Tuesday, February 28, 2012

Does This Ever Sound Familiar: America Magazine Michigan Catholic Hospital to Face Union-Busting Charges

This article in the back issues of America brought back memories of my time on a picket line, a first lesson in the book of unions, utopians and Alinsky social justice lessons.  America Magazine Michigan Catholic Hospital to Face Union-Busting Charges
Just to let you know the rest of this story, the nurses reached a contract and withdrew its unfair labor practice complaint with the NLRB.
A Daughter of Charity affiliation and union busting allegations reminds me of a strike at O’Connor Hospital in the 1980’s. I read an article in the National Catholic Register this morning, Who Is Sister Carol Keehan? It brought me back to the subject of the Daughters of Charity.  I truly believe that name is a misnomer, given my experiences.  It lead me to do a search to see if I could find information about that strike at O’Connor Hospital in San Jose, CA where I was forced to walk when the union (a professional organization-not a large national organization) was busted.  Fred Long and West Coast Industrial Relations was hired by the Daughters of Charity (who I now refer to in a loving way, of course, as the Daughters of Chicanery****).  You can read about the tactics used here:  Consultants, lawyers, and the 'union free' movement in the USA .
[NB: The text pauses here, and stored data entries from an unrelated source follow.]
(* Assume there exists $\Delta_{\min}^{\mathcal P}>0$ such that for every truth $p\in\mathcal P$, $a_p(X)$ is unique and $R_p(X,a_p(X))-\sup_{a\in S_X,\,a\neq a_p(X)}R_p(X,a)\ge\Delta_{\min}^{\mathcal P}$ holds $d_0$-a.s. Then for every $p,q\in\mathcal P$, \[ \Delta_{\min}^{\mathcal P}\,d_0\{a_q\neq a_p\}\le\mathcal G_p(R_q)\le\Delta_{\max}^{\mathcal P}\,d_0\{a_q\neq a_p\}. \]
   Context: $\mathcal X$ is a context space with distribution $d_0$; $\mathcal A$ is a separable metric action space; $\pi_0$ is a reference policy and $S_x:=\mathrm{supp}(\pi_0(\cdot\mid x))$. $\mathcal P$ is a compact class of truths, each $p\in\mathcal P$ inducing a $\pi_0$-centered measurable reward $R_p:\mathcal X\times\mathcal A\to\mathbb R$. For a reward $R$, $a_R(x)$ is a measurable selector in $\arg\max_{a\in S_x}R(x,a)$ (fixed measurable tie-breaking), and $a_p:=a_{R_p}$. The temperature-zero regret is $\mathcal G_p(R):=\mathbb E_{X\sim d_0}[R_p(X,a_p(X))-R_p(X,a_R(X))]$. Also $\Delta_{\max}^{\mathcal P}:=\sup_{p\in\mathcal P}\sup_{x\in\mathcal X}\sup_{a\in S_x}(R_p(x,a_p(x))-R_p(x,a))$. *)

From HB Require Import structures.
From mathcomp Require Import all_boot all_order all_algebra.
From mathcomp Require Import all_classical all_reals all_analysis.
Set Implicit Arguments. Unset Strict Implicit. Unset Printing Implicit Defensive.
Import Order.TTheory GRing.Theory Num.Theory.
Local Open Scope classical_set_scope.
Local Open Scope ring_scope.
Local Open Scope ereal_scope.

Definition regret {dX : measure_display} {X : measurableType dX} {A : Type}
  {R : realType} (d0 : probability X R) (Rp : X -> A -> R) (ap aR : X -> A)
  : \bar R :=
  \int[d0]_x ((Rp x (ap x) - Rp x (aR x))%R)%:E.

Definition Delta_max {PT : Type} {X A : Type} {R : realType}
  (P : set PT) (S : X -> set A) (Rw : PT -> X -> A -> R) (asel : PT -> X -> A)
  : \bar R :=
  ereal_sup [set r : \bar R | exists p x a, [/\ P p, S x a &
      r = ((Rw p x (asel p x) - Rw p x a)%R)%:E] ].

Definition gap_at {X A : Type} {R : realType} (S : X -> set A)
  (Rp : X -> A -> R) (ap : X -> A) (Dmin : R) (x : X) : Prop :=
  (forall a, S x a -> Rp x a = Rp x (ap x) -> a = ap x) /\
  (Dmin%:E <= (Rp x (ap x))%:E
              - ereal_sup [set (Rp x a)%:E | a in S x `\ ap x]).

Definition is_argmax_selector {X A : Type} {R : realType} (S : X -> set A)
  (Rp : X -> A -> R) (a : X -> A) : Prop :=
  forall x, S x (a x) /\ (forall b, S x b -> (Rp x b <= Rp x (a x))%R).

From HB Require Import structures.
From mathcomp Require Import all_boot all_order all_algebra.
From mathcomp Require Import all_classical all_reals all_analysis.
From mathcomp Require Import measurable_realfun lra.
Import Order.TTheory GRing.Theory Num.Theory.
Local Open Scope classical_set_scope.
Local Open Scope ring_scope.
Local Open Scope ereal_scope.

(* The regret integrand R_p(x, a_p x) - R_p(x, a_q x) vanishes off the
   disagreement set {a_q <> a_p}.  On that set a_q x is a competitor in
   S_x \ {a_p x}, so the a.s. gap condition bounds the integrand below by
   Delta_min, while by definition it is bounded above by Delta_max.
   Integrating these pointwise bounds against d0 gives both inequalities. *)

Section integral_bounds.
Context {d : measure_display} {T : measurableType d} {R : realType}.
Variable mu : {measure set T -> \bar R}.
Context {E : set T} {f : T -> \bar R}.
Hypotheses (mE : measurable E) (mf : measurable_fun setT f)
  (f_ge0 : forall x, 0 <= f x).

Lemma mul_measure_le_integral (c : R) : (0 <= c)%R ->
  {ae mu, forall x, E x -> c%:E <= f x} -> c%:E * mu E <= \int[mu]_x f x.
Proof.
move=> c_ge0 cf; rewrite -integral_cst // integral_mkcond.
apply: ae_ge0_le_integral => //.
- by move=> x _; rewrite patchE; case: ifP; rewrite ?lee_fin.
- by apply/(measurable_restrictT _ mE); exact: measurable_cst.
- apply: filterS cf => x cfx _; rewrite patchE.
  by case: ifPn => [/set_mem/cfx|_].
Qed.

Lemma integral_le_mul_measure (c : \bar R) : 0 <= c ->
  (forall x, E x -> f x <= c) -> (forall x, ~ E x -> f x = 0) ->
  \int[mu]_x f x <= c * mu E.
Proof.
move=> c_ge0 fc f0; rewrite -integral_cst // (integral_mkcond E).
apply: ge0_le_integral => //.
- by apply/(measurable_restrictT _ mE); exact: measurable_cst.
- move=> x _; rewrite patchE; case: ifPn => [/set_mem/fc //|/negP Ex].
  by rewrite f0 // => /mem_set.
Qed.

End integral_bounds.

Lemma measurable_neq {d dA : measure_display} {T : measurableType d}
    {A : measurableType dA} {f g : T -> A} :
  measurable [set aa : A * A | aa.1 = aa.2] ->
  measurable_fun setT f -> measurable_fun setT g ->
  measurable [set x | f x <> g x].
Proof.
move=> mdiag mf mg.
have -> : [set x | f x <> g x] =
    (fun x => (f x, g x)) @^-1` (~` [set aa : A * A | aa.1 = aa.2]) by [].
rewrite -[_ @^-1` _]setTI.
exact: (measurable_fun_pair mf mg) (measurableC mdiag).
Qed.

Lemma measurableT_comp_graph {d dA : measure_display} {T : measurableType d}
    {A : measurableType dA} {R : realType} {F : T -> A -> R} {a : T -> A} :
  measurable_fun setT (fun xa => F xa.1 xa.2) -> measurable_fun setT a ->
  measurable_fun setT (fun x => F x (a x)).
Proof.
move=> mF ma.
apply: (measurableT_comp (f := fun xa : T * A => F xa.1 xa.2)
  (g := fun x => (x, a x))) => //.
exact: measurable_fun_pair.
Qed.

Lemma gap_at_le_subr {X A : Type} {R : realType} {S : X -> set A}
    {Rp : X -> A -> R} {ap : X -> A} {Dmin : R} {x : X} {b : A} :
  gap_at S Rp ap Dmin x -> S x b -> b <> ap x ->
  (Dmin <= Rp x (ap x) - Rp x b)%R.
Proof.
move=> [_ gap] Sb b_neq.
have le_sup : (Rp x b)%:E <= ereal_sup [set (Rp x a)%:E | a in S x `\ ap x].
  by apply: ereal_sup_ubound; exists b.
move: gap le_sup; case: ereal_sup => [s| |] /=.
- by rewrite -EFinD !lee_fin => ? ?; lra.
- by rewrite addeNy leeNy_eq.
- by rewrite leeNy_eq.
Qed.

Section Delta_max.
Context {PT X A : Type} {R : realType}.
Context {P : set PT} {S : X -> set A} {Rw : PT -> X -> A -> R}
  {asel : PT -> X -> A}.

Lemma Delta_max_ubound {p : PT} {x : X} {a : A} : P p -> S x a ->
  (Rw p x (asel p x) - Rw p x a)%:E <= Delta_max P S Rw asel.
Proof. by move=> Pp Sa; apply: ereal_sup_ubound; exists p, x, a. Qed.

Lemma Delta_max_ge0 {p : PT} {x : X} :
  P p -> S x (asel p x) -> 0 <= Delta_max P S Rw asel.
Proof. by move=> Pp Sa; have := Delta_max_ubound Pp Sa; rewrite subrr. Qed.

End Delta_max.

Theorem lemma11 (R : realType)
  (dX : measure_display) (X : measurableType dX)
  (dA : measure_display) (A : measurableType dA)
  (hdiag : measurable [set aa : A * A | aa.1 = aa.2])
  (d0 : probability X R)
  (S : X -> set A)
  (PT : topologicalType) (P : set PT) (hPc : compact P)
  (Rw : PT -> X -> A -> R)
  (hRmeas : forall p, P p -> measurable_fun [set: X * A] (fun xa => Rw p xa.1 xa.2))
  (asel : PT -> X -> A)
  (hsel : forall p, P p -> is_argmax_selector S (Rw p) (asel p))
  (hselm : forall p, P p -> measurable_fun [set: X] (asel p))
  (Dmin : R) (hDmin : (0 < Dmin)%R)
  (hgap : forall p, P p -> {ae d0, forall x, gap_at S (Rw p) (asel p) Dmin x}) :
  forall p q, P p -> P q ->
    Dmin%:E * d0 [set x | asel q x <> asel p x]
      <= regret d0 (Rw p) (asel p) (asel q) /\
    regret d0 (Rw p) (asel p) (asel q)
      <= Delta_max P S Rw asel * d0 [set x | asel q x <> asel p x].
Proof.
move=> p q Pp Pq.
have Sq x : S x (asel q x) by have [] := hsel q Pq x.
have mE := measurable_neq hdiag (hselm q Pq) (hselm p Pp).
have mRp a : measurable_fun setT a -> measurable_fun setT (fun x => Rw p x (a x)).
  exact: measurableT_comp_graph (hRmeas p Pp).
have mf : measurable_fun setT
    (fun x => (Rw p x (asel p x) - Rw p x (asel q x))%:E).
  by apply/measurable_EFinP/measurable_funB; apply/mRp/hselm.
have f_ge0 x : 0 <= (Rw p x (asel p x) - Rw p x (asel q x))%:E.
  by rewrite lee_fin subr_ge0; apply: (hsel p Pp x).2.
split.
  apply: (mul_measure_le_integral d0 mE mf f_ge0 Dmin (ltW hDmin)).
  apply: filterS (hgap p Pp) => x gap neq.
  by rewrite lee_fin; exact: gap_at_le_subr gap (Sq x) neq.
apply: (integral_le_mul_measure d0 mE mf f_ge0).
- exact: Delta_max_ge0 Pp (hsel p Pp point).1.
- by move=> x _; exact: Delta_max_ubound.
- by move=> x /contrapT ->; rewrite subrr.
Qed.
It was a very sorry state for the bedside nurse, as they were caught in the middle of a war between an employer that did not want the nurse empowered to better the practice of professional nursing in their institutions (the more work one extracted from the nurse without increasing staff to lessen the burden or paying the nurse more via better benefits or pay or without giving the nurses more say in how the day to day care should operate) and a union that wished to push a feminist argument of comparable worth as an integral aspect of pay (how that could ever happen).  Because the nurses were forced out (they had to join the union to get the job in  down economy) by a lockout, they were forced to fight the fight.  Only after she found herself on the picket line, did the average nurse start to understand what a pawn she was.  Many tragedies occurred in the personal lives of nurses as it put horrible strains on their families, as their salaries were necessary. 
There was no social justice for the nurses.  Bishop DuMaine certainly did not feel obligated towards the nurses like he did farmworkers.  The Daughters of Charity did not see that they should have concern for their own nurses like they had for immigrants and field workers.  Nurses were not important in the general scheme of things.  The nurses were sold out, pure and simple.
One should not be surprised how these programs of the social justice campaigns (such as the CCHD) of the USCCB have inflicted confusion and cooperation with organizations that oppose Catholic teaching like the Catholic Hospital Association. All this has resulted in the bringing of our traditional institutions to the brink of dropping  their Catholic identity, as appears to be the case in the Mercy Hospital system.(I direct the reader to the confusion and another stab at clarification by the Archbishop of San Francisco- Catholic Healthcare West becomes Dignity Health: What does it mean? )   They have made Saul Alinsky very proud as they show they can do it with the best of them.
Apparently, the Bishops had to finally talk about the subject in 2009 as cited in this blog of Fr. Robert Sirico, titled Comments in Our Sunday Visitor referring to Unions, yes. But When the Church is Employer .
Interestingly, guess who was on the working committee of the document: Respecting the Just Rights of Workers?  You guessed it, Sister Carol Keehan, DC!  The document is put together by the cheerleaders of CCHD.  The gist is that the management should not do union busting, and the workers should not be public about the conflict and draw the public attention to the the grievances.  The only weapon workers have is to put it in the press.  A employer-union clash in a non right-to-work situation is horrendous for the individual employee.  The paper does not address the fundamental issue of forcing any worker to join a union to work in their institutions.  The union and the administration are the only winners in such situations.  The document is pro union.  One thing I learned from the situation, I would never join a union again.
****I have known some very saintly Daughters of Charity who weeped at what their order was doing to the nurses.  May their souls rest in peace.